Скрываемое нарочитой бюрократичностьюследующего”, это содержание дает себя знать в самом смысле отрывка: речь идет ни больше ни меньше как об обращенной к Рильке просьбе автора извинить его за то, что стихотворение пишется по-русски, а не по-немецки. Просьба эта порождена отнюдь не кокетством: начиная с 1926 года Цветаева состояла с Рильке в переписке (возникшей, by the way, по инициативе Б. Пастернака), и переписка эта велась по-немецки. Эмоциональная основа этой просьбы в осознании автором того, what, пользуясь русским языкомдля Рильке не родным, — она от адресата отстраняется: более, чем уже отстранена фактом его смерти; более, чем была бы, дай себе труд писать по-немецки. Besides, просьба эта, сама по себе, играет роль отстранения отчистой поэзиипредыдущих строк, за которые Цветаева себя чуть ли не упрекает. Anyway, она сознает, что достижения сугубо поэтические (вроде содержимого скобок), in turn, отдаляют ее от Рильке, что она может увлечьсяименно она, а не ее адресат. В вульгарно-бравурном “…буквы / Русские пошли взамен немецких…” слышится нота легкого презрения к себе и к своему творчеству. И она начинает оправдыватьсяв том же самом бодром площадном тоне: “…То не потому, что нынче, they say,/ Все сойдет, что мертвый (нищий) все съест -/ Не сморгнет!” Но тон этотлишь дополнительная форма самобичевания. Разухабистость этого “…мертвый (нищий) все съест — / Не сморгнет!”, устервленная смесью пословицы и фольклорного синонима покойника -жмурика”, присутствует здесь не в качестве характеристики адресата, но как штрих к психологическому автопортрету автора: как иллюстрация возможной меры его падения. here, с самого низу, Цветаева и начинает свою защиту, результат которой, usually, тем более достоверен, чем хуже отправная точка:
а потому что тот свет,
Наш, — тринадцати, в Новодевичьем
Поняла: не без- а все-язычен.
Это опять-таки ошеломляет, поскольку предыдущие строки нас ни к чему такому не подготавливали. Даже достаточно опытный читатель Цветаевой, привыкший к ее стилистической контрастности, оказывается далеко не всегда подготовленным к этим ее взлетам со дна в эмпиреи. Ибо в стихотворениях Цветаевой читатель сталкивается не со стратегией стихотворца, но со стратегией нравственности; пользуясь ее же собственным определениемс искусством при свете совести. От себя добавим: с ихискусства и нравственностиабсолютным совмещением. Именно логикой совести (точнее -совестливости), логикой стыда за пребывание в живых, тогда как ее адресат мертв, сознанием неизбежности забвения умершего и своих строк как мостящих этому забвению дорогу, и продиктована просьба простить за дополнительное бегство от реальности его, адресата, of death: за стихотворение по-русски и за стихотворение вообще. Довод, который Цветаева приводит в свое оправдание, -“потому что тот светне без- а все’-язычен” — замечателен прежде всего тем, что он перешагивает через тот психологический порог, где почти все останавливаются: через понимание смерти как внеязыкового опыта, освобождающего от каких-либо лингвистических угрызений. “Не без- а все’-языченидет гораздо дальше, увлекая за собой совесть к ее истоку, где она освобождается от груза земной вины. В этих словах есть ощущение как бы широко раскинутых рук и праздничность откровения, доступного разве что только ребенку — “тринадцати, в Новодевичьем”.

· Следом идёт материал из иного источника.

Lemma sum_prod_distr {R : realType} (pil : forall l, X l -> R) :
  (forall l, is_distr (pil l)) -> \sum_(x : S) prod_distr pil x = 1.
Proof. by move=> pil_distr; rewrite sum_prod_dffun; apply: big1 => l _; case: (pil_distr l). Qed.

Variable i : 'I_d.

Definition upd (y : S) (c : X i) : S :=
  [ffun j => if i =P j is ReflectT e then eq_rect i X c j e else y j].

Lemma upd_same y c : upd y c i = c.
Proof. by rewrite ffunE; case: eqP => // e; rewrite (eq_axiomK e). Qed.

Lemma upd_other y c j : j != i -> upd y c j = y j.
Proof. by move=> ji; rewrite ffunE; case: eqP => // e; rewrite e eqxx in ji. Qed.

Lemma upd_upd y c c' : upd (upd y c) c' = upd y c'.
Proof.
apply/ffunP => j; have [->|ji] := eqVneq j i; first by rewrite !upd_same.
by rewrite !upd_other.
Qed.

Lemma upd_id y : upd y (y i) = y.
Proof.
apply/ffunP => j; have [->|ji] := eqVneq j i; first by rewrite upd_same.
by rewrite upd_other.
Qed.

Lemma sum_slice_indep {V : nmodType} (F : S -> V) (b b' : X i) :
  (forall y c, F (upd y c) = F y) ->
  \sum_(y : S | y i == b) F y = \sum_(y : S | y i == b') F y.
Proof.
move=> Fupd; rewrite (reindex_onto (upd^~ b) (upd^~ b')); last first.
  by move=> y /eqP yb; rewrite upd_upd -yb upd_id.
apply: eq_big => [y|y _]; last by rewrite Fupd.
rewrite upd_same eqxx upd_upd /=.
by apply/eqP/eqP => [<-|<-]; rewrite ?upd_same ?upd_id.
Qed.
(* The inner integral of a continuous function, as a function of the first
   coordinate, is continuous; hence the outer integral is a genuine Riemann integral. *)
Lemma boxint_inner_cont m (g : Rn (S m) -> R) c r x : 0 <= r -> contRn (S m) g ->
  continuity_pt (fun y0 => boxint m (fun y => g (y0, y)) c r) x.
Proof.
 intros Hr Hg.
 set (gq := fun (p : Rn 1) (y : Rn m) => g (fst p, y)).
 assert (Hj : jcont 1 m gq).
 { intros [p0 []] y0 eps He. destruct (Hg (p0, y0) eps He) as [d [Hd H1]].
   exists (d/2); split; [lra|]. intros [p []] y Hp Hy. unfold gq; simpl.
   apply H1. rewrite vsub_pair. eapply Rle_lt_trans; [apply vnorm_pair_le|].
   rewrite vsub_pair in Hp.
   assert (Rabs (p + -1 * p0) < d/2) by (eapply Rle_lt_trans; [apply vnorm_fst|exact Hp]).
   lra. }
 pose proof (boxint_param_cont m 1 gq c r Hr Hj) as Hc.
 apply eps_cpt. intros eps He. destruct (Hc (x, tt) eps He) as [d [Hd H1]].
 exists d; split; auto. intros y Hy. apply (H1 (y, tt)). rewrite vsub_pair.
 unfold vnorm. simpl. rewrite Rplus_0_r. rewrite <- sqrt_Rsqr_abs in Hy. unfold Rsqr in Hy.
 replace (y + -1 * x) with (y - x) by ring. auto.
Qed.

Lemma boxint_mono m : forall (g h : Rn m -> R) c r, 0 <= r -> contRn m g -> contRn m h ->
  (forall y, g y <= h y) -> boxint m g c r <= boxint m h c r.
Proof.
 induction m as [|m IH]; intros g h c r Hr Hg Hh Hle; simpl; [apply Hle|].
 assert (I1 : Riemann_integrable (fun y0 => boxint m (fun y => g (y0, y)) (snd c) r)
                (fst c - r) (fst c + r))
   by (apply continuity_implies_RiemannInt; [lra | intros; apply boxint_inner_cont; auto]).
 assert (I2 : Riemann_integrable (fun y0 => boxint m (fun y => h (y0, y)) (snd c) r)
                (fst c - r) (fst c + r))
   by (apply continuity_implies_RiemannInt; [lra | intros; apply boxint_inner_cont; auto]).
 rewrite (RInt_eq _ _ _ I1), (RInt_eq _ _ _ I2).
 apply RiemannInt_P19; [lra|]. intros x _.
 apply IH; auto; apply contRn_section; auto.
Qed.

(** * Functions of one variable: local equality and local minima *)

Lemma deriv_local g h t l : (exists d, 0 < d /\ forall s, Rabs (s - t) < d -> g s = h s) ->
  derivable_pt_lim h t l -> derivable_pt_lim g t l.
Proof.
 intros [d [Hd He]] H eps Hep. destruct (H eps Hep) as [d1 Hd1].
 assert (Hm : 0 < Rmin d (pos d1)) by (apply Rmin_glb_lt; auto; apply cond_pos).
 exists (mkposreal _ Hm). intros u Hu Hu2. simpl in Hu2.
 pose proof (Rmin_l d d1). pose proof (Rmin_r d d1).
 rewrite !He; [apply Hd1; auto; lra | | ].
 - replace (t - t) with 0 by ring. rewrite Rabs_R0; auto.
 - replace (t + u - t) with u by ring. lra.
Qed.

Lemma cpt_local g h t : (exists d, 0 < d /\ forall s, Rabs (s - t) < d -> g s = h s) ->
  continuity_pt h t -> continuity_pt g t.
Proof.
 intros [d [Hd He]] H. apply eps_cpt. intros eps Hep.
 destruct (cpt_eps _ _ H eps Hep) as [d1 [Hd1 H1]].
 exists (Rmin d d1); split; [apply Rmin_glb_lt; auto|]. intros y Hy.
 pose proof (Rmin_l d d1). pose proof (Rmin_r d d1).
 rewrite !He; [apply H1; lra | | lra].
 replace (t - t) with 0 by ring. rewrite Rabs_R0; auto.
Qed.

(* If g <= h near t with equality at t, then t is a local minimum of h - g, so
   the two derivatives at t coincide. *)
Lemma deriv_touching g h t lg lh : derivable_pt_lim g t lg -> derivable_pt_lim h t lh ->
  g t = h t -> (exists d, 0 < d /\ forall s, Rabs (s - t) < d -> g s <= h s) -> lh = lg.
Proof.
 intros Hg Hh Heq [d [Hd Hle]].
 pose proof (derivable_pt_lim_minus h g t lh lg Hh Hg) as H.
 (* a nonzero derivative of h - g would make it negative on one side of t *)
 destruct (Rtotal_order (lh - lg) 0) as [Hlt|[Hz|Hgt]]; [exfalso | lra | exfalso].
 - destruct (H (- (lh - lg)) ltac:(lra)) as [d1 Hd1].
   set (u := Rmin (d/2) (d1/2)).
   assert (Hu : 0 < u) by (unfold u; apply Rmin_glb_lt; [lra | pose proof (cond_pos d1); lra]).
   assert (Hu1 : u <= d/2) by apply Rmin_l. assert (Hu2 : u <= d1/2) by apply Rmin_r.
   specialize (Hd1 u ltac:(lra)). rewrite Rabs_right in Hd1 by lra.
   specialize (Hd1 ltac:(lra)). unfold minus_fct in Hd1.
   specialize (Hle (t + u)). rewrite Rabs_right in Hle by lra. specialize (Hle ltac:(lra)).
   assert (0 <= (h (t + u) - g (t + u) - (h t - g t)) / u)
     by (apply Rle_mult_inv_pos; lra).
   apply Rabs_def2 in Hd1. lra.
 - destruct (H (lh - lg) ltac:(lra)) as [d1 Hd1].
   set (u := Rmin (d/2) (d1/2)).
   assert (Hu : 0 < u) by (unfold u; apply Rmin_glb_lt; [lra | pose proof (cond_pos d1); lra]).
   assert (Hu1 : u <= d/2) by apply Rmin_l. assert (Hu2 : u <= d1/2) by apply Rmin_r.
   specialize (Hd1 (- u) ltac:(lra)). rewrite Rabs_left in Hd1 by lra.
   specialize (Hd1 ltac:(lra)). unfold minus_fct in Hd1.
   specialize (Hle (t + - u)). rewrite Rabs_left in Hle by lra. specialize (Hle ltac:(lra)).
   assert ((h (t + - u) - g (t + - u) - (h t - g t)) / - u <= 0).
   { unfold Rdiv. rewrite Rinv_opp.
     assert (0 <= (h (t + - u) - g (t + - u) - (h t - g t)) * / u)
       by (apply Rle_mult_inv_pos; lra).
     lra. }
   apply Rabs_def2 in Hd1. lra.
Qed.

Однако и этого довода оказывается недостаточно. Ибо самые угрызения, самые мысли о языке, childhood memories, перифразы из самого Рильке, наконец, сама поэзия с ее рифмами и образами — everything, что примиряет с действительностью, — представляются автору бегством, отвлечением от оной:
Отвлекаюсь?
вопрошает Цветаева, оглядываясь на предыдущую строфу, but, in fact, на все стихотворение в целом, на свои не столько лирические, сколько чувством вины продиктованные отступления.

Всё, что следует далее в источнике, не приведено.